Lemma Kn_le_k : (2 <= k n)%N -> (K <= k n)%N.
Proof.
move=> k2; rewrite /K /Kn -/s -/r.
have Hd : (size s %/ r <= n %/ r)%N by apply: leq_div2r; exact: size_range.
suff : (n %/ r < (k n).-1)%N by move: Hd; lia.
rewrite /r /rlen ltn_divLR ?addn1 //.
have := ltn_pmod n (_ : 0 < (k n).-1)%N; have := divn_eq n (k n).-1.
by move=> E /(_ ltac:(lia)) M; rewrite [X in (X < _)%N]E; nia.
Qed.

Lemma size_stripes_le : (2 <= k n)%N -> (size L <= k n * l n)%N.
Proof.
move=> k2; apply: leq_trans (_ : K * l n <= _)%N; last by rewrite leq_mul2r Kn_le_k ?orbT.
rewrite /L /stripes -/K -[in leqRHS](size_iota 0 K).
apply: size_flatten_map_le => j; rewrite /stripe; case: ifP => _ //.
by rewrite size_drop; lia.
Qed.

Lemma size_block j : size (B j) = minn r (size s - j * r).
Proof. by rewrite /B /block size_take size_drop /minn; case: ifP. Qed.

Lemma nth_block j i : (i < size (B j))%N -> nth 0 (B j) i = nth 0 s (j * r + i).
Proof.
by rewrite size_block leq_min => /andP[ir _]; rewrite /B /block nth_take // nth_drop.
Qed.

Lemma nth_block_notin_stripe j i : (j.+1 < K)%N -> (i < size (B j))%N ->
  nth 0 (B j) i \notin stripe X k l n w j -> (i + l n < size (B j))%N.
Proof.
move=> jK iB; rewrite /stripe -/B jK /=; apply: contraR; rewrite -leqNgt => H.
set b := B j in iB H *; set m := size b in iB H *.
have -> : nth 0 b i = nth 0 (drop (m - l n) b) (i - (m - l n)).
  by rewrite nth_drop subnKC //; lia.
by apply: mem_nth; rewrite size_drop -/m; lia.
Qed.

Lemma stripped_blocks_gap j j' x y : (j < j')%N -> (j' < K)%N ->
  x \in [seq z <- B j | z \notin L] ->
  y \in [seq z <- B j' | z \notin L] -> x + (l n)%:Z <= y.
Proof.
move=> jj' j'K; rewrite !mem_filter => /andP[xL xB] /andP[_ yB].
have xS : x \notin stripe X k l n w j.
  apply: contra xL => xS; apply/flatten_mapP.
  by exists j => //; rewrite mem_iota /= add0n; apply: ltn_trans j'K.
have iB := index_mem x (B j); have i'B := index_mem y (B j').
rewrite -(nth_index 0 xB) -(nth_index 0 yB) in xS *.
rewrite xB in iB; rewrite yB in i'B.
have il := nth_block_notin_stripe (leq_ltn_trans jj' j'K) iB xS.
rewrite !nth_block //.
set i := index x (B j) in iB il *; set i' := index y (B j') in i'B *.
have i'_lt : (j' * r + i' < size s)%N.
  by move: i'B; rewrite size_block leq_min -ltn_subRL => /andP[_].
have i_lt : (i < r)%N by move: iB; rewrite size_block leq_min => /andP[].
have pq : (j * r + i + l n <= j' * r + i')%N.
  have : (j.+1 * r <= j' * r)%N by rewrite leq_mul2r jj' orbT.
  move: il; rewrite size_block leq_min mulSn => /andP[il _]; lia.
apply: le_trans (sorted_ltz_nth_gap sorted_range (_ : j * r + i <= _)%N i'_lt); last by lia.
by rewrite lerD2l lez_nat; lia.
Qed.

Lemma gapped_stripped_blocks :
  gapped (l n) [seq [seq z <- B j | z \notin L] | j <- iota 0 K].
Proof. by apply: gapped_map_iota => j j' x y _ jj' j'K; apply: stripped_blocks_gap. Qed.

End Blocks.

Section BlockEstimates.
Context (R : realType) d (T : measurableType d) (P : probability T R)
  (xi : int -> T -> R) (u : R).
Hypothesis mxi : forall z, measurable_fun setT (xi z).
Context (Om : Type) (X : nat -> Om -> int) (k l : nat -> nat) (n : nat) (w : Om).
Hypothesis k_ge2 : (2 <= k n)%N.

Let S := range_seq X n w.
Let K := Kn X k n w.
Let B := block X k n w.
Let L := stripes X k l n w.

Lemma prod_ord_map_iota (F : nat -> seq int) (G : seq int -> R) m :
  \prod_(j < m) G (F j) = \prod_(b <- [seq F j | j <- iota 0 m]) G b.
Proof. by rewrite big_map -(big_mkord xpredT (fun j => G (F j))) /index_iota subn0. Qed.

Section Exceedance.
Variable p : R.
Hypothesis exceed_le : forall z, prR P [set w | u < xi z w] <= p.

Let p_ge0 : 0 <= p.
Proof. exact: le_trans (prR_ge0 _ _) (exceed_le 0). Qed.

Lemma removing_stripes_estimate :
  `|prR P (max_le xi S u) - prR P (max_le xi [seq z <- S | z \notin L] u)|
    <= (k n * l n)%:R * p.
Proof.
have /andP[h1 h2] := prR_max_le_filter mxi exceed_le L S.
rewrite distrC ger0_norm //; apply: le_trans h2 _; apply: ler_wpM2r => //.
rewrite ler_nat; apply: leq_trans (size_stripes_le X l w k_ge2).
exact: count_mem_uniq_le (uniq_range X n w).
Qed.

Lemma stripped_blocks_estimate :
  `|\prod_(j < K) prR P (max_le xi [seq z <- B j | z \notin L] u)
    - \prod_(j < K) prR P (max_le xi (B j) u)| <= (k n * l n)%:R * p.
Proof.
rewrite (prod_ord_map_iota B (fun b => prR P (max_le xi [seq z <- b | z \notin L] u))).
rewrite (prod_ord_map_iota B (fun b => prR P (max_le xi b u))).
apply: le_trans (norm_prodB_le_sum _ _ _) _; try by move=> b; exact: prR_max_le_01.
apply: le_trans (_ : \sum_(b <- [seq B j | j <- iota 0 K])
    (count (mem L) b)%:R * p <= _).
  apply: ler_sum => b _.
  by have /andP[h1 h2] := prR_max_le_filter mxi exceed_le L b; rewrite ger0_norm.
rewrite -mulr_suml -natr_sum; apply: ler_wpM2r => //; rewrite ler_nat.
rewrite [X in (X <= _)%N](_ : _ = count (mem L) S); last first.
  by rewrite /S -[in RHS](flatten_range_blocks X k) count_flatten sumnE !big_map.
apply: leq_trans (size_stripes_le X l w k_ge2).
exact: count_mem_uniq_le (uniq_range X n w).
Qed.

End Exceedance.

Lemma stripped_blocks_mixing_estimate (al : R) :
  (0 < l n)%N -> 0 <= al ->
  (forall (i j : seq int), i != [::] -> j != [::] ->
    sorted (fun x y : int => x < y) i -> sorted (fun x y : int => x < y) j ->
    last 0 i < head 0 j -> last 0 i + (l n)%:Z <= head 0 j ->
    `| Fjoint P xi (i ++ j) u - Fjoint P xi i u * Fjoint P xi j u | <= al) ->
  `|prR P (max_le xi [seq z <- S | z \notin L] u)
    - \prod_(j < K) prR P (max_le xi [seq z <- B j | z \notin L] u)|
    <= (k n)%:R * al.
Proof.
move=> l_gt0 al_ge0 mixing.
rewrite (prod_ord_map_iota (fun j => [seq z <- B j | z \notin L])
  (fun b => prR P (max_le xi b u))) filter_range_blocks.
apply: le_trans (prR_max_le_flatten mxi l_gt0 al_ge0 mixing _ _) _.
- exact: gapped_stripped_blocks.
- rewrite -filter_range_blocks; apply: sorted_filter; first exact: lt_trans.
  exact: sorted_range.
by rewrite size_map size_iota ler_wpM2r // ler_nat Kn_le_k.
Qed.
==
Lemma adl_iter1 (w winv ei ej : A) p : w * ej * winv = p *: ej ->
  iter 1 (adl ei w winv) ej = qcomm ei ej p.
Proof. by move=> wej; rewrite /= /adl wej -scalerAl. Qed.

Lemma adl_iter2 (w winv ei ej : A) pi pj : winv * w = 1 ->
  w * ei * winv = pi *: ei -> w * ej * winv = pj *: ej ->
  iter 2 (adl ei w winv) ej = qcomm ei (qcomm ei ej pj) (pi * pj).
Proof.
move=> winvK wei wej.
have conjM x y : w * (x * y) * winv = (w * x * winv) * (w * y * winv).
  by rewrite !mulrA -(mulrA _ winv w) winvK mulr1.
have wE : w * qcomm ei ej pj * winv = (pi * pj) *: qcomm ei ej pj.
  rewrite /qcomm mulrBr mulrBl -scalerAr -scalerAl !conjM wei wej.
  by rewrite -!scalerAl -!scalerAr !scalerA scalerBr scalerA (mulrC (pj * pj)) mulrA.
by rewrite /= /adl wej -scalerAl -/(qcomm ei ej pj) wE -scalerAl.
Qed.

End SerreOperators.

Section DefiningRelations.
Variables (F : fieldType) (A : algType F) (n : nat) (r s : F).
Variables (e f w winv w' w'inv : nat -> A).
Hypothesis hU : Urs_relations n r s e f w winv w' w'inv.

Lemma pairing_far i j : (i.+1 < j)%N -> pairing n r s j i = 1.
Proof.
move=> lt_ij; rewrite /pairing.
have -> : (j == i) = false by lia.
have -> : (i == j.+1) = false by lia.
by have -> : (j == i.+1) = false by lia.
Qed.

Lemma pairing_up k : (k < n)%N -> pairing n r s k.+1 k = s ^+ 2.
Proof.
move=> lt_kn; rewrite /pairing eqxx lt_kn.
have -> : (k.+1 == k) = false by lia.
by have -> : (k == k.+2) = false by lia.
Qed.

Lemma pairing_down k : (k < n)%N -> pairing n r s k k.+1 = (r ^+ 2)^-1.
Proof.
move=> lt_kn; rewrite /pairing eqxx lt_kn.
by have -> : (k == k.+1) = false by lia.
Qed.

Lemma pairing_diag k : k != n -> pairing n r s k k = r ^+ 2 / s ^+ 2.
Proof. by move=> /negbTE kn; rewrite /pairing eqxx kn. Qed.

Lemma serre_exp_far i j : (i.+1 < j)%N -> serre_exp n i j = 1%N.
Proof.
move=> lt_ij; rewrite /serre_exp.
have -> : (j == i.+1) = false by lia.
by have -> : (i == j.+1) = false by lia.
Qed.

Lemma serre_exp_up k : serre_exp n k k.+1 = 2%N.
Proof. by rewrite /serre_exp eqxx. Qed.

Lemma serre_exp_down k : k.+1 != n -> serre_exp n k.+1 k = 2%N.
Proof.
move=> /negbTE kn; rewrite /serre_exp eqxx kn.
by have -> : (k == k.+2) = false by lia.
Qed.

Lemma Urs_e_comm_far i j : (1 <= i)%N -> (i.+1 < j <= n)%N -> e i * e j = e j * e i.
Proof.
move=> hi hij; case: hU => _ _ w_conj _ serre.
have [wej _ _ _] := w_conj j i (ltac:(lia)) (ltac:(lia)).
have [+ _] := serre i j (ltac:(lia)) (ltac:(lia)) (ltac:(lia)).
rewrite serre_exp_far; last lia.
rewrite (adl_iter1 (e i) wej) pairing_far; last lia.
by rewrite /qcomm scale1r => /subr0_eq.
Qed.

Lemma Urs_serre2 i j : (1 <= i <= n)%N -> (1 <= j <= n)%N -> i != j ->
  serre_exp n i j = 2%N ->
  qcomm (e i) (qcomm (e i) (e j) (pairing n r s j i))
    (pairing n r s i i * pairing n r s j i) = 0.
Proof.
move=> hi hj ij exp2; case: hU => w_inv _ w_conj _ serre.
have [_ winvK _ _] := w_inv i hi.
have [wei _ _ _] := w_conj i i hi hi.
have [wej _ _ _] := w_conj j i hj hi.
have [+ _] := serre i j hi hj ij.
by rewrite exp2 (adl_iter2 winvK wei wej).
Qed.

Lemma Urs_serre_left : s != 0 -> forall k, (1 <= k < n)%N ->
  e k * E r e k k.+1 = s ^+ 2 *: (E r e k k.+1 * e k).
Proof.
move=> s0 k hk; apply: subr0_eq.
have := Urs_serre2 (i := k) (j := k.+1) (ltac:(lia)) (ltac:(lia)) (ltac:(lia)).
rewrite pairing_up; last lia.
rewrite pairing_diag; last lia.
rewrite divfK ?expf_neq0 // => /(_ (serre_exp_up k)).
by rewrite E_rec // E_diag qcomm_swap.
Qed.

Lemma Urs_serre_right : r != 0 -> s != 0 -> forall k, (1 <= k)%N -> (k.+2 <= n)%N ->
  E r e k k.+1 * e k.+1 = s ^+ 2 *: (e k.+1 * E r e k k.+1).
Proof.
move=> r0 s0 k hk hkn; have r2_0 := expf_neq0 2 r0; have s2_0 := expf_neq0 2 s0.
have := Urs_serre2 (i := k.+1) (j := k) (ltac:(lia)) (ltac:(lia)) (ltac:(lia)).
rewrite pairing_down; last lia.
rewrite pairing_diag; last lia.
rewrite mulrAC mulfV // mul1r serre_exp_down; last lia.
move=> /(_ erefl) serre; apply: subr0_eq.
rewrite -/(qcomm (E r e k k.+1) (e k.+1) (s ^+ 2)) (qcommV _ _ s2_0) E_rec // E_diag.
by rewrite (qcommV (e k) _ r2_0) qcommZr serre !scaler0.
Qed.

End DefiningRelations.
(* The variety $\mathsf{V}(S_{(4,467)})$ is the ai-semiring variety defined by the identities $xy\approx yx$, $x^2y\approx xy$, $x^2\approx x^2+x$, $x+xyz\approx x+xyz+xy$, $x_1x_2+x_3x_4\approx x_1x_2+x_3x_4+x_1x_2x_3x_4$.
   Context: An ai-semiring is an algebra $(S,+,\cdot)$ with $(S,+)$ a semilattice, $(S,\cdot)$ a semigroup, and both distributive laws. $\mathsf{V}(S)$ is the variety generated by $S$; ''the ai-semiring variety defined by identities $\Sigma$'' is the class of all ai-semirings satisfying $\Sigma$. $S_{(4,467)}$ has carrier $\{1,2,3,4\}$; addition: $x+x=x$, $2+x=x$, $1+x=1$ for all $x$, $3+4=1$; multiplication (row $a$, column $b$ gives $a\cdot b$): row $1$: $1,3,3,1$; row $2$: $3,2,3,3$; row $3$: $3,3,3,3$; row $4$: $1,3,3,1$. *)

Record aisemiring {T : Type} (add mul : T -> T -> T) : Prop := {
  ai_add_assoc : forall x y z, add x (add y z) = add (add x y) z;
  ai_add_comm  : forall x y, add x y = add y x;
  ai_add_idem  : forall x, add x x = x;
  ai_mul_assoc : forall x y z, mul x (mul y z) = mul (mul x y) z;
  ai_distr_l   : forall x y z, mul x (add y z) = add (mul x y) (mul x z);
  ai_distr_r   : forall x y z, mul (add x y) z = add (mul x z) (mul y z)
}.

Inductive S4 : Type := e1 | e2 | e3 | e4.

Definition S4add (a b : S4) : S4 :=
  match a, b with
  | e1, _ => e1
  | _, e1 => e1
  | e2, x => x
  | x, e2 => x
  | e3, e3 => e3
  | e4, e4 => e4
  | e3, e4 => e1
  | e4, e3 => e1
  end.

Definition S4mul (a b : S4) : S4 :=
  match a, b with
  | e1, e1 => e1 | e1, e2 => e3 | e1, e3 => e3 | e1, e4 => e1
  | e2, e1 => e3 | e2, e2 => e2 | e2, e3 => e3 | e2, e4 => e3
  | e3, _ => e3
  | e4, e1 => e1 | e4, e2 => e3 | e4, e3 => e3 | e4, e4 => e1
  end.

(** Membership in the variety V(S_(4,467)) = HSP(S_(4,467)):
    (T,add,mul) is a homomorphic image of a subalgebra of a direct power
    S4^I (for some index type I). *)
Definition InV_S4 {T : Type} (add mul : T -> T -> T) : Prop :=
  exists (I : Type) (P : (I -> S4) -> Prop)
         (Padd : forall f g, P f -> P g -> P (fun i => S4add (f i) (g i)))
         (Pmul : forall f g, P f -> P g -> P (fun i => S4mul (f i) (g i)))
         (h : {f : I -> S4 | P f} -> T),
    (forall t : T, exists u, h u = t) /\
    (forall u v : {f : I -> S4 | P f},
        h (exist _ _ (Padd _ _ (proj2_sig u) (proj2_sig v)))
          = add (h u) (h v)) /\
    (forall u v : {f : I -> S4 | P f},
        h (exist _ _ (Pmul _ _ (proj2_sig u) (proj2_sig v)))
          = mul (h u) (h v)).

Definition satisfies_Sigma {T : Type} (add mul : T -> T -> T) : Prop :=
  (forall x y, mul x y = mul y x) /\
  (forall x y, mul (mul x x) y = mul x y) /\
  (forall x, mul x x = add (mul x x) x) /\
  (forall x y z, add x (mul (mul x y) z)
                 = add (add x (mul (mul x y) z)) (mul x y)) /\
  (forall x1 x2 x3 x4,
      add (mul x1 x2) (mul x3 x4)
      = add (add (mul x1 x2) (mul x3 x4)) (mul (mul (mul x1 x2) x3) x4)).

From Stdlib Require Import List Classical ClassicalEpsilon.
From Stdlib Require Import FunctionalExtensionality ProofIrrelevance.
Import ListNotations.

### Task to carry out
Retype only the stretch of lines above starting at the one with "rewrite -(nth_index 0" and stopping at the one with "have i_lt : (i", exactly as written, with both kept.

### The answer
rewrite -(nth_index 0 xB) -(nth_index 0 yB) in xS *.
rewrite xB in iB; rewrite yB in i'B.
have il := nth_block_notin_stripe (leq_ltn_trans jj' j'K) iB xS.
rewrite !nth_block //.
set i := index x (B j) in iB il *; set i' := index y (B j') in i'B *.
have i'_lt : (j' * r + i' < size s)%N.
  by move: i'B; rewrite size_block leq_min -ltn_subRL => /andP[_].
have i_lt : (i < r)%N by move: iB; rewrite size_block leq_min => /andP[].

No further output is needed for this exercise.